(* A leading 0 costs one flip; a leading 1 adds one flip to every later 0. *)
Lemma wait_bcons b h L :
  wait (bcons b h) L.+1 = (~~ b + wait h L + b * (L - ones h L))%N.
Proof.
have Hzeros : (L - ones h L = \sum_(0 <= i < L) (~~ h i : nat))%N.
  rewrite -(ones_sum (predC h)) /ones.
  by have := count_predC h (iota 0 L); rewrite size_iota; lia.
rewrite /wait big_nat_recl // Hzeros big_distrr -addnA -big_split /=.
congr addn; first by case: b.
by apply: eq_bigr => i _; rewrite ones_bcons; case: (h i); case: b => /=; lia.
Qed.

Definition wait_sum (k L : nat) : rat := \sum_(t : {ffun 'I_L -> bool})
  (if ones (storebit t) L == k then half_rat ^+ wait (storebit t) L else 0).
Definition nstrings (k L : nat) : rat := \sum_(t : {ffun 'I_L -> bool})
  (if ones (storebit t) L == k then 1 else 0).

Lemma sum_bits0 (F : {ffun 'I_0 -> bool} -> rat) c : (forall t, F t = c) -> \sum_t F t = c.
Proof.
by move=> H; under eq_bigr => t _ do rewrite H; rewrite sumr_const card_ffun card_ord.
Qed.

Lemma wait_sum_nil k : wait_sum k 0 = (k == 0)%N%:R.
Proof.
by apply: sum_bits0 => t; rewrite /ones /= eq_sym; case: eqP => // _; rewrite /wait big_geq.
Qed.

Lemma nstrings_nil k : nstrings k 0 = (k == 0)%N%:R.
Proof. by apply: sum_bits0 => t; rewrite /ones /= eq_sym; case: eqP. Qed.

(* Splitting on the first bit gives Pascal-like recurrences. *)
Lemma wait_sumS k L :
  wait_sum k.+1 L.+1 = half_rat ^+ (L - k) * wait_sum k L + half_rat * wait_sum k.+1 L.
Proof.
rewrite /wait_sum (sum_bits_cons L (fun g => if ones g L.+1 == k.+1
   then half_rat ^+ wait g L.+1 else 0)) big_split /= !mulr_sumr; congr (_ + _).
  apply: eq_bigr => t _; rewrite ones_bcons wait_bcons add1n eqSS.
  by case: eqP => [->|]; rewrite ?mulr0 // mul1n add0n exprD mulrC.
apply: eq_bigr => t _; rewrite ones_bcons wait_bcons add0n.
by case: eqP => _; rewrite ?mulr0 // mul0n addn0 add1n exprS.
Qed.

Lemma wait_sum0S L : wait_sum 0 L.+1 = half_rat * wait_sum 0 L.
Proof.
rewrite /wait_sum (sum_bits_cons L (fun g => if ones g L.+1 == 0%N
   then half_rat ^+ wait g L.+1 else 0)) big_split /= mulr_sumr.
rewrite big1 ?add0r //.
apply: eq_bigr => t _; rewrite ones_bcons wait_bcons add0n.
by case: eqP => _; rewrite ?mulr0 // mul0n addn0 add1n exprS.
Qed.

Lemma nstringsS k L : nstrings k.+1 L.+1 = nstrings k L + nstrings k.+1 L.
Proof.
rewrite /nstrings (sum_bits_cons L (fun g => if ones g L.+1 == k.+1 then 1 else 0)).
by rewrite big_split /=; congr (_ + _); apply: eq_bigr => t _; rewrite ones_bcons.
Qed.

Lemma nstrings0S L : nstrings 0 L.+1 = nstrings 0 L.
Proof.
rewrite /nstrings (sum_bits_cons L (fun g => if ones g L.+1 == 0%N then 1 else 0)).
rewrite big_split /= big1 ?add0r //.
by apply: eq_bigr => t _; rewrite ones_bcons.
Qed.

Lemma nstringsE k L : nstrings k L = 'C(L, k)%:R.
Proof.
elim: L k => [|L IH] [|k]; [by rewrite nstrings_nil | by rewrite nstrings_nil | |].
  by rewrite nstrings0S IH !bin0.
by rewrite nstringsS !IH binS natrD addrC.
Qed.

Lemma wait_sum_gt L k : (L < k)%N -> wait_sum k L = 0.
Proof.
elim: L k => [|L IH] [|k] //= Hk; first by rewrite wait_sum_nil.
by rewrite wait_sumS !IH ?mulr0 ?addr0 //; lia.
Qed.

Lemma wait_sum_diag k : wait_sum k k = 1.
Proof.
elim: k => [|k IH]; first by rewrite wait_sum_nil.
by rewrite wait_sumS IH subnn expr0 mulr1 wait_sum_gt // mulr0 addr0.
Qed.

Lemma wait_sum0 L : wait_sum 0 L = half_rat ^+ L.
Proof.
elim: L => [|L IH]; first by rewrite wait_sum_nil.
by rewrite wait_sum0S IH exprS.
Qed.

------------------------------------------------------------

- [Directions for this task]:
Wherever the word "bool" occurs in a line of the listing, copy that line.

- [Output of the task]:
Definition wait_sum (k L : nat) : rat := \sum_(t : {ffun 'I_L -> bool})
Definition nstrings (k L : nat) : rat := \sum_(t : {ffun 'I_L -> bool})
Lemma sum_bits0 (F : {ffun 'I_0 -> bool} -> rat) c : (forall t, F t = c) -> \sum_t F t = c.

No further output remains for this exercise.